Gut Health Series: Breaking It Down

What does a healthy gut look like?

If you are looking for a definite answer – you have come to the wrong place. As I have mentioned before, scientists do not actually know what a healthy microbiome looks like (in terms of the specifics and the quantities of each type of bacteria), however what we do know is that a diverse microbiome is a healthy one. If this is the first time you are reading this please go do yourself a favour and have a look at the first gut health blog.

What is the point of this blog?

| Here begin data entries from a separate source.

Lemma RInt_dominated_cauchy eps : 0 < eps -> exists M, 0 <= M /\
  forall a b, a <= - M -> M <= b -> Rabs (RInt f a b - RInt f (- M) M) < eps.
Proof.
  intros Heps. destruct (proj2 HLh (eps / 2)) as [M HM]; [lra|].
  exists (Rabs M); split; [apply Rabs_pos|]; intros a b Ha Hb.
  generalize (Rle_abs M) (Rabs_pos M); intros.
  eapply Rle_lt_trans; [apply (RInt_nested_abs_le f h); auto; try apply HLh; lra|].
  generalize (HM a b ltac:(lra) ltac:(lra)) (HM (- Rabs M) (Rabs M) ltac:(lra) ltac:(lra)).
  intros A B; apply Rabs_def2 in A; apply Rabs_def2 in B; lra.
Qed.

Lemma is_RInt_line_dominated : exists L, is_RInt_line f L.
Proof.
  set (S n := RInt f (- INR n) (INR n)).
  assert (HS : Cauchy_crit S).
  { intros eps Heps.
    destruct (RInt_dominated_cauchy (eps / 2)) as [M [HM0 HM]]; [lra|].
    destruct (INR_unbounded M) as [N HN].
    exists N; intros n m Hn Hm. apply le_INR in Hn, Hm.
    unfold Rdist, S.
    generalize (HM (- INR n) (INR n) ltac:(lra) ltac:(lra))
               (HM (- INR m) (INR m) ltac:(lra) ltac:(lra)).
    intros A B; apply Rabs_def2 in A; apply Rabs_def2 in B; apply Rabs_def1; lra. }
  destruct (Rcomplete.R_complete S HS) as [L HL].
  exists L; split; [exact Hf|]; intros eps Heps.
  destruct (RInt_dominated_cauchy (eps / 3)) as [M [HM0 HM]]; [lra|].
  destruct (HL (eps / 3)) as [N HN]; [lra|].
  destruct (INR_unbounded (Rmax M (INR N))) as [n Hn].
  generalize (Rmax_l M (INR N)) (Rmax_r M (INR N)); intros.
  specialize (HN n ltac:(apply INR_le; lra)). unfold Rdist, S in HN.
  exists M; intros a b Ha Hb.
  generalize (HM a b Ha Hb) (HM (- INR n) (INR n) ltac:(lra) ltac:(lra)).
  intros A B; apply Rabs_def2 in A; apply Rabs_def2 in B; apply Rabs_def2 in HN.
  apply Rabs_def1; lra.
Qed.

End Dominated.

(** * Continuity in two variables *)

Lemma continuity_2d_pt_continuous_l f x y :
  continuity_2d_pt f x y -> continuous (fun x => f x y) x.
Proof.
  intros H. apply continuity_pt_filterlim; intros eps Heps.
  destruct (H (mkposreal eps Heps)) as [d Hd].
  exists d; split; [apply cond_pos|]; intros z [_ Hz]; simpl in *; unfold Rdist in *.
  apply Hd; auto. rewrite Rminus_diag, Rabs_R0; apply cond_pos.
Qed.

Lemma continuity_2d_pt_continuous_r f x y :
  continuity_2d_pt f x y -> continuous (fun y => f x y) y.
Proof.
  intros H. apply continuity_pt_filterlim; intros eps Heps.
  destruct (H (mkposreal eps Heps)) as [d Hd].
  exists d; split; [apply cond_pos|]; intros z [_ Hz]; simpl in *; unfold Rdist in *.
  apply Hd; auto. rewrite Rminus_diag, Rabs_R0; apply cond_pos.
Qed.

Lemma continuity_2d_pt_swap f x y :
  continuity_2d_pt f x y -> continuity_2d_pt (fun u v => f v u) y x.
Proof. intros H eps. destruct (H eps) as [d Hd]. exists d. intros u v Hu Hv. now apply Hd. Qed.

Lemma continuity_2d_pt_exp f x y :
  continuity_2d_pt f x y -> continuity_2d_pt (fun u v => exp (f u v)) x y.
Proof.
  intros H. apply continuity_1d_2d_pt_comp; auto.
  apply derivable_continuous_pt, derivable_pt_exp.
Qed.

Lemma continuity_2d_pt_cos f x y :
  continuity_2d_pt f x y -> continuity_2d_pt (fun u v => cos (f u v)) x y.
Proof.
  intros H. apply continuity_1d_2d_pt_comp; auto.
  apply derivable_continuous_pt, derivable_pt_cos.
Qed.

Lemma continuity_2d_pt_sin f x y :
  continuity_2d_pt f x y -> continuity_2d_pt (fun u v => sin (f u v)) x y.
Proof.
  intros H. apply continuity_1d_2d_pt_comp; auto.
  apply derivable_continuous_pt, derivable_pt_sin.
Qed.

Lemma continuity_2d_pt_pow f n x y :
  continuity_2d_pt f x y -> continuity_2d_pt (fun u v => f u v ^ n) x y.
Proof.
  intros H; induction n as [|n IH]; simpl.
  - apply continuity_2d_pt_const.
  - now apply continuity_2d_pt_mult.
Qed.

Lemma continuity_2d_pt_div f g x y :
  continuity_2d_pt f x y -> continuity_2d_pt g x y -> g x y <> 0 ->
  continuity_2d_pt (fun u v => f u v / g u v) x y.
Proof.
  intros Hf Hg Hn. apply continuity_2d_pt_mult; auto. now apply continuity_2d_pt_inv.
Qed.

Ltac continuity_2d := repeat first
  [ apply continuity_2d_pt_exp | apply continuity_2d_pt_cos | apply continuity_2d_pt_sin
  | apply continuity_2d_pt_plus | apply continuity_2d_pt_minus | apply continuity_2d_pt_mult
  | apply continuity_2d_pt_opp | apply continuity_2d_pt_pow | apply continuity_2d_pt_div
  | apply continuity_2d_pt_id1 | apply continuity_2d_pt_id2 | apply continuity_2d_pt_const ].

Well, as I said above a healthy gut/ microbiome is in fact one that is diverse. So to keep this short (the upcoming blogs of this series will have more detailed explanations), studies show that what we all should know is that dietary fibre is so important for the functioning of gut (Holscher, 2017), but what is relatively new information is that dietary fibre from plants is in fact the most beneficial for the gut as it is more diverse (Cui et al., 2019). Please note that I am not telling you to become a vegetarian or vegan in order to have a healthy gut. I don’t believe in restriction of any kind, all that I want you to take from this is that plants have so many incredible benefits for our gut and overall health! So do yourself a favour and have a few more plants a day (fruits, vegetables, legumes, grains) or try incorporate one meatless meal a week which is not only beneficial for your gut (and bank account), it is so important for the environment – it is simply a win-win.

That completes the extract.